Your instructions:
Nothing other than an exact copy of the records should be returned.

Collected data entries
Definition circular m (X : 'M[C]_m) : Prop :=
  forall t1 t2 : R, spectrum (Hmx X t1) =1 spectrum (Hmx X t2).

(* contraction: ||C|| <= 1, i.e. ||C v||^2 <= ||v||^2 for every vector v *)
Definition contraction m (X : 'M[C]_m) : Prop :=
  forall v : 'cV[C]_m,
    (adjmx (X *m v) *m (X *m v)) 0 0 <= (adjmx v *m v) 0 0.

Definition defect m (X : 'M[C]_m) : 'M[C]_m := 1%:M - adjmx X *m X.

Definition defect_pencil_circular m (X : 'M[C]_m) : Prop :=
  forall tau : R, forall t1 t2 : R,
    spectrum (Hmx X t1 + (tau%:C)%C *: defect X)
    =1 spectrum (Hmx X t2 + (tau%:C)%C *: defect X).

Definition sqmx := {m : nat & 'M[C]_m}.

Definition tower_step (X Y : sqmx) : Prop :=
  exists B : 'M[C]_(\rank (defect (projT2 X)), projT1 X),
    [/\ adjmx B *m B = defect (projT2 X),
        row_free B &
        Y = existT _ _ (block_mx 0 B 0 (projT2 X))].

Definition is_tower m (X : 'M[C]_m) (T : nat -> sqmx) : Prop :=
  T 0%N = existT _ m X /\ forall j, tower_step (T j) (T j.+1).

End Defs.

From mathcomp Require Import all_boot all_order all_algebra.
From mathcomp Require Import boolp reals trigo ring lra.
From mathcomp.real_closed Require Import complex.
Set Implicit Arguments. Unset Strict Implicit. Unset Printing Implicit Defensive.
Import Order.TTheory GRing.Theory Num.Theory.
Local Open Scope ring_scope.
Local Open Scope sesquilinear_scope.
(* With the notation of the context, suppose there are two sample points $\bm x_\alpha,\bm x_\beta$ such that $$\min_{j\in J_{\geq,\alpha}}u_j(\bm x_\beta)>u^*(\bm x_\beta)=u_\beta(\bm x_\beta).$$ Then there exists a point $\bm x_\gamma\in\mathcal{L}(\bm x_\alpha,\bm x_\beta)=\{\lambda\bm x_\alpha+(1-\lambda)\bm x_\beta:\lambda\in(0,1)\}$ and an affine local piece $u_\gamma$ of $u^*$ with $u^*(\bm x_\gamma)=u_\gamma(\bm x_\gamma)$ such that $$u_\gamma(\bm x_\alpha)\ge u_\alpha(\bm x_\alpha),\qquad u_\gamma(\bm x_\beta)\le u_\beta(\bm x_\beta).$$ Moreover, after adding $(\bm x_\gamma,u_\gamma)$ to the sample set (and recomputing $J_{\geq,\alpha}$ accordingly), $\min_{j\in J_{\geq,\alpha}}u_j(\bm x_\beta)\le u_\beta(\bm x_\beta)$.
   Context: Let $\Omega\subseteq\mathbb{R}^{n_x}$ be a convex polyhedron and $u^*:\Omega\to\mathbb{R}$ a continuous piecewise affine (PWA) function: $\Omega$ is the union of finitely many closed convex polyhedra (local regions) with pairwise disjoint interiors, and on each local region $u^*$ coincides with an affine function (its local piece). Sample points $\bm x_1,\dots,\bm x_{N_s}\in\Omega$ are given, each lying in the interior of a unique order (UO) region $\Gamma(\bm x_i)$ (a closed polyhedron inside a local region on whose interior the order of all distinct local pieces of $u^*$ is constant), and $u_i$ denotes the local piece of $u^*$ on $\Gamma(\bm x_i)$, so $u_i(\bm x_i)=u^*(\bm x_i)$. Define $J_{\geq,i}=\{j: u_j(\bm x_i)\ge u_i(\bm x_i)\}$, where $j$ ranges over the indices of all current sample points. *)

From mathcomp Require Import all_boot all_order all_algebra.
Set Implicit Arguments. Unset Strict Implicit. Unset Printing Implicit Defensive.
Import Order.TTheory GRing.Theory Num.Theory.
Local Open Scope ring_scope.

Result for this exercise:
Definition circular m (X : 'M[C]_m) : Prop :=
  forall t1 t2 : R, spectrum (Hmx X t1) =1 spectrum (Hmx X t2).

(* contraction: ||C|| <= 1, i.e. ||C v||^2 <= ||v||^2 for every vector v *)
Definition contraction m (X : 'M[C]_m) : Prop :=
  forall v : 'cV[C]_m,
    (adjmx (X *m v) *m (X *m v)) 0 0 <= (adjmx v *m v) 0 0.

Definition defect m (X : 'M[C]_m) : 'M[C]_m := 1%:M - adjmx X *m X.

Definition defect_pencil_circular m (X : 'M[C]_m) : Prop :=
  forall tau : R, forall t1 t2 : R,
    spectrum (Hmx X t1 + (tau%:C)%C *: defect X)
    =1 spectrum (Hmx X t2 + (tau%:C)%C *: defect X).

Definition sqmx := {m : nat & 'M[C]_m}.

Definition tower_step (X Y : sqmx) : Prop :=
  exists B : 'M[C]_(\rank (defect (projT2 X)), projT1 X),
    [/\ adjmx B *m B = defect (projT2 X),
        row_free B &
        Y = existT _ _ (block_mx 0 B 0 (projT2 X))].

Definition is_tower m (X : 'M[C]_m) (T : nat -> sqmx) : Prop :=
  T 0%N = existT _ m X /\ forall j, tower_step (T j) (T j.+1).

End Defs.

From mathcomp Require Import all_boot all_order all_algebra.
From mathcomp Require Import boolp reals trigo ring lra.
From mathcomp.real_closed Require Import complex.
Set Implicit Arguments. Unset Strict Implicit. Unset Printing Implicit Defensive.
Import Order.TTheory GRing.Theory Num.Theory.
Local Open Scope ring_scope.
Local Open Scope sesquilinear_scope.
(* With the notation of the context, suppose there are two sample points $\bm x_\alpha,\bm x_\beta$ such that $$\min_{j\in J_{\geq,\alpha}}u_j(\bm x_\beta)>u^*(\bm x_\beta)=u_\beta(\bm x_\beta).$$ Then there exists a point $\bm x_\gamma\in\mathcal{L}(\bm x_\alpha,\bm x_\beta)=\{\lambda\bm x_\alpha+(1-\lambda)\bm x_\beta:\lambda\in(0,1)\}$ and an affine local piece $u_\gamma$ of $u^*$ with $u^*(\bm x_\gamma)=u_\gamma(\bm x_\gamma)$ such that $$u_\gamma(\bm x_\alpha)\ge u_\alpha(\bm x_\alpha),\qquad u_\gamma(\bm x_\beta)\le u_\beta(\bm x_\beta).$$ Moreover, after adding $(\bm x_\gamma,u_\gamma)$ to the sample set (and recomputing $J_{\geq,\alpha}$ accordingly), $\min_{j\in J_{\geq,\alpha}}u_j(\bm x_\beta)\le u_\beta(\bm x_\beta)$.
   Context: Let $\Omega\subseteq\mathbb{R}^{n_x}$ be a convex polyhedron and $u^*:\Omega\to\mathbb{R}$ a continuous piecewise affine (PWA) function: $\Omega$ is the union of finitely many closed convex polyhedra (local regions) with pairwise disjoint interiors, and on each local region $u^*$ coincides with an affine function (its local piece). Sample points $\bm x_1,\dots,\bm x_{N_s}\in\Omega$ are given, each lying in the interior of a unique order (UO) region $\Gamma(\bm x_i)$ (a closed polyhedron inside a local region on whose interior the order of all distinct local pieces of $u^*$ is constant), and $u_i$ denotes the local piece of $u^*$ on $\Gamma(\bm x_i)$, so $u_i(\bm x_i)=u^*(\bm x_i)$. Define $J_{\geq,i}=\{j: u_j(\bm x_i)\ge u_i(\bm x_i)\}$, where $j$ ranges over the indices of all current sample points. *)

From mathcomp Require Import all_boot all_order all_algebra.
Set Implicit Arguments. Unset Strict Implicit. Unset Printing Implicit Defensive.
Import Order.TTheory GRing.Theory Num.Theory.
Local Open Scope ring_scope.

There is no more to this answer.